▶ [Assignment]
From the records below, transcribe only the lines running from the one with "From HB Require Import structures." through the one with "Lemma Im_realM (x". Keep both of those end lines.

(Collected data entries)
_ _ _ _ _
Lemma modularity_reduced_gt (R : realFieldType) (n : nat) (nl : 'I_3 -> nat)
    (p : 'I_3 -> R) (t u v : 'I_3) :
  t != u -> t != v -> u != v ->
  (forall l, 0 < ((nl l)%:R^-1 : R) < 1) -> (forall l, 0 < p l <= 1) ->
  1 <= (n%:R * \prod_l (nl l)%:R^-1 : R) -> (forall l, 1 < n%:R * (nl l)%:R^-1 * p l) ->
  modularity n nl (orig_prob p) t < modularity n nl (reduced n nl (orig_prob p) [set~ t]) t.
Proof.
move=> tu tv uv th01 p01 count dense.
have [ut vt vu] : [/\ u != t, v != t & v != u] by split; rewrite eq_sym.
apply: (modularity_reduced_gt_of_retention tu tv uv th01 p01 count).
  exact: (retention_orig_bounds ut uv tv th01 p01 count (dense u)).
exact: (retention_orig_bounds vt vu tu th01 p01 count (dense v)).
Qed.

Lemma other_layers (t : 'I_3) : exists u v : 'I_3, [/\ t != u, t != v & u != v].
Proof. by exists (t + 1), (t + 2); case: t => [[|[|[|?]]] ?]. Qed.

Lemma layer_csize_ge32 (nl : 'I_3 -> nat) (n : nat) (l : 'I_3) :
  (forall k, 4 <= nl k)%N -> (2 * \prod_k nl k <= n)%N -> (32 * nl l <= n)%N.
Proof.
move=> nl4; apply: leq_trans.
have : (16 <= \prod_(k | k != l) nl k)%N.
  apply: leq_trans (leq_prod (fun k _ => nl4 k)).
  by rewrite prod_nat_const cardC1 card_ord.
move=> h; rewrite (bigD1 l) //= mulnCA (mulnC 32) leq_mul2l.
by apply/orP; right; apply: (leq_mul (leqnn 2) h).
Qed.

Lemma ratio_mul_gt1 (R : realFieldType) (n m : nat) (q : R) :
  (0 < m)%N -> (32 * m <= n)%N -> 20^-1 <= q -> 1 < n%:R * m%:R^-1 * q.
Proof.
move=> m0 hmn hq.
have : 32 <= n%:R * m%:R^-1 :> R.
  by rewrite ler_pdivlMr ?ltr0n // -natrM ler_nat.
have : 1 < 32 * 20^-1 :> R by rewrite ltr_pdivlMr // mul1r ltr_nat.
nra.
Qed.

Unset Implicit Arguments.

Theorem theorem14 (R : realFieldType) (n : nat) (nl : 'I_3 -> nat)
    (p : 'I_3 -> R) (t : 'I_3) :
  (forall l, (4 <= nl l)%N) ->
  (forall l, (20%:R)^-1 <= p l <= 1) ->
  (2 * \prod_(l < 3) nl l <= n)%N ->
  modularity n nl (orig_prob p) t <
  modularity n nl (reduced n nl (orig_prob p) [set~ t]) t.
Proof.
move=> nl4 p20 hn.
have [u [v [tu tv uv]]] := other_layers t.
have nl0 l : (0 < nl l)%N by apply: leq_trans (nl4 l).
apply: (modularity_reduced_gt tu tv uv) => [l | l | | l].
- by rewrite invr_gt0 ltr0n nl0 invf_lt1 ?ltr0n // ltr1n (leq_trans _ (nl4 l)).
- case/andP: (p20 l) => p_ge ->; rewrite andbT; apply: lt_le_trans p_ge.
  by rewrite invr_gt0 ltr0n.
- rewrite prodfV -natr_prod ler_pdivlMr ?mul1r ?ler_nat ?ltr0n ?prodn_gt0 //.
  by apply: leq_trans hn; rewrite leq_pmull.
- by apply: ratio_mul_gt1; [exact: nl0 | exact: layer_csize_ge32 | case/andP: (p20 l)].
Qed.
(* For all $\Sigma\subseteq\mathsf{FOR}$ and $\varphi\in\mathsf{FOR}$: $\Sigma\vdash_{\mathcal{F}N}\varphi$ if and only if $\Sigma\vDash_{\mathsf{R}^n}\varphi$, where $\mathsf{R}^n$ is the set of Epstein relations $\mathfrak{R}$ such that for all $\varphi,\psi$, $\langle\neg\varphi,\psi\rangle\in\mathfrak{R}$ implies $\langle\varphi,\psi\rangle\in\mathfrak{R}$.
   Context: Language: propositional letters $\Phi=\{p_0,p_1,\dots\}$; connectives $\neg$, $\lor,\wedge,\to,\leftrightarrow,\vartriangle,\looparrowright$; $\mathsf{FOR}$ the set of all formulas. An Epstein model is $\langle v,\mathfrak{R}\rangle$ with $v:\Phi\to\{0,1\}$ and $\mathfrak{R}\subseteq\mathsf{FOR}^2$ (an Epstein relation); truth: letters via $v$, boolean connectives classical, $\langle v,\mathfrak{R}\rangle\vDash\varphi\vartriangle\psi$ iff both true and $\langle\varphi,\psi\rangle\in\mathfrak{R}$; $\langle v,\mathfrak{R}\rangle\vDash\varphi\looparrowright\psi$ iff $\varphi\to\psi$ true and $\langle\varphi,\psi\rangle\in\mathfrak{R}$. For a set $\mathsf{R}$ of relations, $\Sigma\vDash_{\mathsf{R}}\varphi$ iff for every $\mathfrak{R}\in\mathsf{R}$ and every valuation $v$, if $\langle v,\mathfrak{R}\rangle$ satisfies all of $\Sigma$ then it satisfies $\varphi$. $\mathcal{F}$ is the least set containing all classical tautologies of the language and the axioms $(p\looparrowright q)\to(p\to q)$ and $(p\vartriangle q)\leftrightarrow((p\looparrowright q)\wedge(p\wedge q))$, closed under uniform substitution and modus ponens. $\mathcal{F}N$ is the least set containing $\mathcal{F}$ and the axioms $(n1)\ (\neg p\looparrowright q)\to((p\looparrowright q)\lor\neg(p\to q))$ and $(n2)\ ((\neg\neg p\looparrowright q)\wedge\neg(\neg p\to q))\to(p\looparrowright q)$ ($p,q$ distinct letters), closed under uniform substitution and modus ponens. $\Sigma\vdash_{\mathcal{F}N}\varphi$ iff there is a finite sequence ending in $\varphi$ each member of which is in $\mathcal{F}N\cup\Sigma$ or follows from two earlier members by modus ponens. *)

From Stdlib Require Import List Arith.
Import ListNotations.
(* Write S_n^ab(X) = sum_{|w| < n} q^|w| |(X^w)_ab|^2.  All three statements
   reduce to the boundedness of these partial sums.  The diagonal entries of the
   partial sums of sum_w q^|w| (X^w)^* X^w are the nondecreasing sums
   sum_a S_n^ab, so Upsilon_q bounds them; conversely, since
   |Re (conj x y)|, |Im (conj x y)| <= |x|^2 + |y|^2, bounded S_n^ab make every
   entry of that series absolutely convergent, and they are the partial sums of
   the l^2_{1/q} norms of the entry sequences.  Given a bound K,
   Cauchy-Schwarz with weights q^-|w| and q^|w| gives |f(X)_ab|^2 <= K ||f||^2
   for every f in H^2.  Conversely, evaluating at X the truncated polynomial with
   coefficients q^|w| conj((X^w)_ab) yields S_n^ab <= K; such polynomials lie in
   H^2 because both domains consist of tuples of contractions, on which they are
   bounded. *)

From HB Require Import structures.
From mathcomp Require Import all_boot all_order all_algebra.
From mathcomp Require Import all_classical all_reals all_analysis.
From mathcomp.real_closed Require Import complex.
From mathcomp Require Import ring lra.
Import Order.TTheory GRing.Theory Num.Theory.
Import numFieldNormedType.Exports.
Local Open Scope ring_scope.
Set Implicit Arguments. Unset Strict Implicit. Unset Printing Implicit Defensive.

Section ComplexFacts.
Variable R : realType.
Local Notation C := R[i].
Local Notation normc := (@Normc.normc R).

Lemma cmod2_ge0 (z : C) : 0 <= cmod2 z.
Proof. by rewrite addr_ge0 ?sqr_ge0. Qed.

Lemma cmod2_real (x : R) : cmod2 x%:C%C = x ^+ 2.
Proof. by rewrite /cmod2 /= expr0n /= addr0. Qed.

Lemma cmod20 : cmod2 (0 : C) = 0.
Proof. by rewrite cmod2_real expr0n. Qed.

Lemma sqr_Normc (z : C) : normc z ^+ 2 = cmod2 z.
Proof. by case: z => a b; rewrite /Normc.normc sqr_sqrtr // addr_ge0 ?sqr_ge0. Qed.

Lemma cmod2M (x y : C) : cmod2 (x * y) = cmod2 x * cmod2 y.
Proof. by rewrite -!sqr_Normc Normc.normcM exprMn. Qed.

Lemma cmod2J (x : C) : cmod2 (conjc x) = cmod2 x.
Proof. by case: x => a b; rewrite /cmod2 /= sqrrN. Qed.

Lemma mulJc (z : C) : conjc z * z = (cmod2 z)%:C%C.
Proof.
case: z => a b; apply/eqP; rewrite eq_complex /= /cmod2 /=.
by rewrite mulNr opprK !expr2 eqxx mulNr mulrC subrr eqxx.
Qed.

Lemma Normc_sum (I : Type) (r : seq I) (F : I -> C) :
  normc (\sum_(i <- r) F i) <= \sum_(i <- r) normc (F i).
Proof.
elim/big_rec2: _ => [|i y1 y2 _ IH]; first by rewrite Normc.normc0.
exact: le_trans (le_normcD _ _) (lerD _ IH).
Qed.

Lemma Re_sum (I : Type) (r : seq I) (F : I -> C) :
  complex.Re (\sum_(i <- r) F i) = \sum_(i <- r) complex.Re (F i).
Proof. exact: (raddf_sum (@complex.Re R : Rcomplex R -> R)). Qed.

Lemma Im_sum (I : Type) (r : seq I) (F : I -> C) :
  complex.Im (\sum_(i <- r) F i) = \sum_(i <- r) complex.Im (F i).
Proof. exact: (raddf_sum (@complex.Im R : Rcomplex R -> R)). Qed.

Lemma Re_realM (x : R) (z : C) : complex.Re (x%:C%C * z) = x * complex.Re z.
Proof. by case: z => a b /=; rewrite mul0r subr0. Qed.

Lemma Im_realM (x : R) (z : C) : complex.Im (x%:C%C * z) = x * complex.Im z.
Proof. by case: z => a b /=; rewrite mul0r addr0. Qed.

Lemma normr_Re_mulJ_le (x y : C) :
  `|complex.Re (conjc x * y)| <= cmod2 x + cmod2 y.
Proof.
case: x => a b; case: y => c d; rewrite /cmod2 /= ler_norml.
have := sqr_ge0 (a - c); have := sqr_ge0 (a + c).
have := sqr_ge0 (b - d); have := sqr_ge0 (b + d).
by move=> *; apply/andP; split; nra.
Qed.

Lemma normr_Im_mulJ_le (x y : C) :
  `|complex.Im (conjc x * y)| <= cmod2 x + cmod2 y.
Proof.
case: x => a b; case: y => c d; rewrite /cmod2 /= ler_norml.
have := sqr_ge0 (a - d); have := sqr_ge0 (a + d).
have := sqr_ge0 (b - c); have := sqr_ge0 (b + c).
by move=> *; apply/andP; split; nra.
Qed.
_ _ _ _ _
▶ [Result for this task]
From HB Require Import structures.
From mathcomp Require Import all_boot all_order all_algebra.
From mathcomp Require Import all_classical all_reals all_analysis.
From mathcomp.real_closed Require Import complex.
From mathcomp Require Import ring lra.
Import Order.TTheory GRing.Theory Num.Theory.
Import numFieldNormedType.Exports.
Local Open Scope ring_scope.
Set Implicit Arguments. Unset Strict Implicit. Unset Printing Implicit Defensive.

Section ComplexFacts.
Variable R : realType.
Local Notation C := R[i].
Local Notation normc := (@Normc.normc R).

Lemma cmod2_ge0 (z : C) : 0 <= cmod2 z.
Proof. by rewrite addr_ge0 ?sqr_ge0. Qed.

Lemma cmod2_real (x : R) : cmod2 x%:C%C = x ^+ 2.
Proof. by rewrite /cmod2 /= expr0n /= addr0. Qed.

Lemma cmod20 : cmod2 (0 : C) = 0.
Proof. by rewrite cmod2_real expr0n. Qed.

Lemma sqr_Normc (z : C) : normc z ^+ 2 = cmod2 z.
Proof. by case: z => a b; rewrite /Normc.normc sqr_sqrtr // addr_ge0 ?sqr_ge0. Qed.

Lemma cmod2M (x y : C) : cmod2 (x * y) = cmod2 x * cmod2 y.
Proof. by rewrite -!sqr_Normc Normc.normcM exprMn. Qed.

Lemma cmod2J (x : C) : cmod2 (conjc x) = cmod2 x.
Proof. by case: x => a b; rewrite /cmod2 /= sqrrN. Qed.

Lemma mulJc (z : C) : conjc z * z = (cmod2 z)%:C%C.
Proof.
case: z => a b; apply/eqP; rewrite eq_complex /= /cmod2 /=.
by rewrite mulNr opprK !expr2 eqxx mulNr mulrC subrr eqxx.
Qed.

Lemma Normc_sum (I : Type) (r : seq I) (F : I -> C) :
  normc (\sum_(i <- r) F i) <= \sum_(i <- r) normc (F i).
Proof.
elim/big_rec2: _ => [|i y1 y2 _ IH]; first by rewrite Normc.normc0.
exact: le_trans (le_normcD _ _) (lerD _ IH).
Qed.

Lemma Re_sum (I : Type) (r : seq I) (F : I -> C) :
  complex.Re (\sum_(i <- r) F i) = \sum_(i <- r) complex.Re (F i).
Proof. exact: (raddf_sum (@complex.Re R : Rcomplex R -> R)). Qed.

Lemma Im_sum (I : Type) (r : seq I) (F : I -> C) :
  complex.Im (\sum_(i <- r) F i) = \sum_(i <- r) complex.Im (F i).
Proof. exact: (raddf_sum (@complex.Im R : Rcomplex R -> R)). Qed.

Lemma Re_realM (x : R) (z : C) : complex.Re (x%:C%C * z) = x * complex.Re z.
Proof. by case: z => a b /=; rewrite mul0r subr0. Qed.

Lemma Im_realM (x : R) (z : C) : complex.Im (x%:C%C * z) = x * complex.Im z.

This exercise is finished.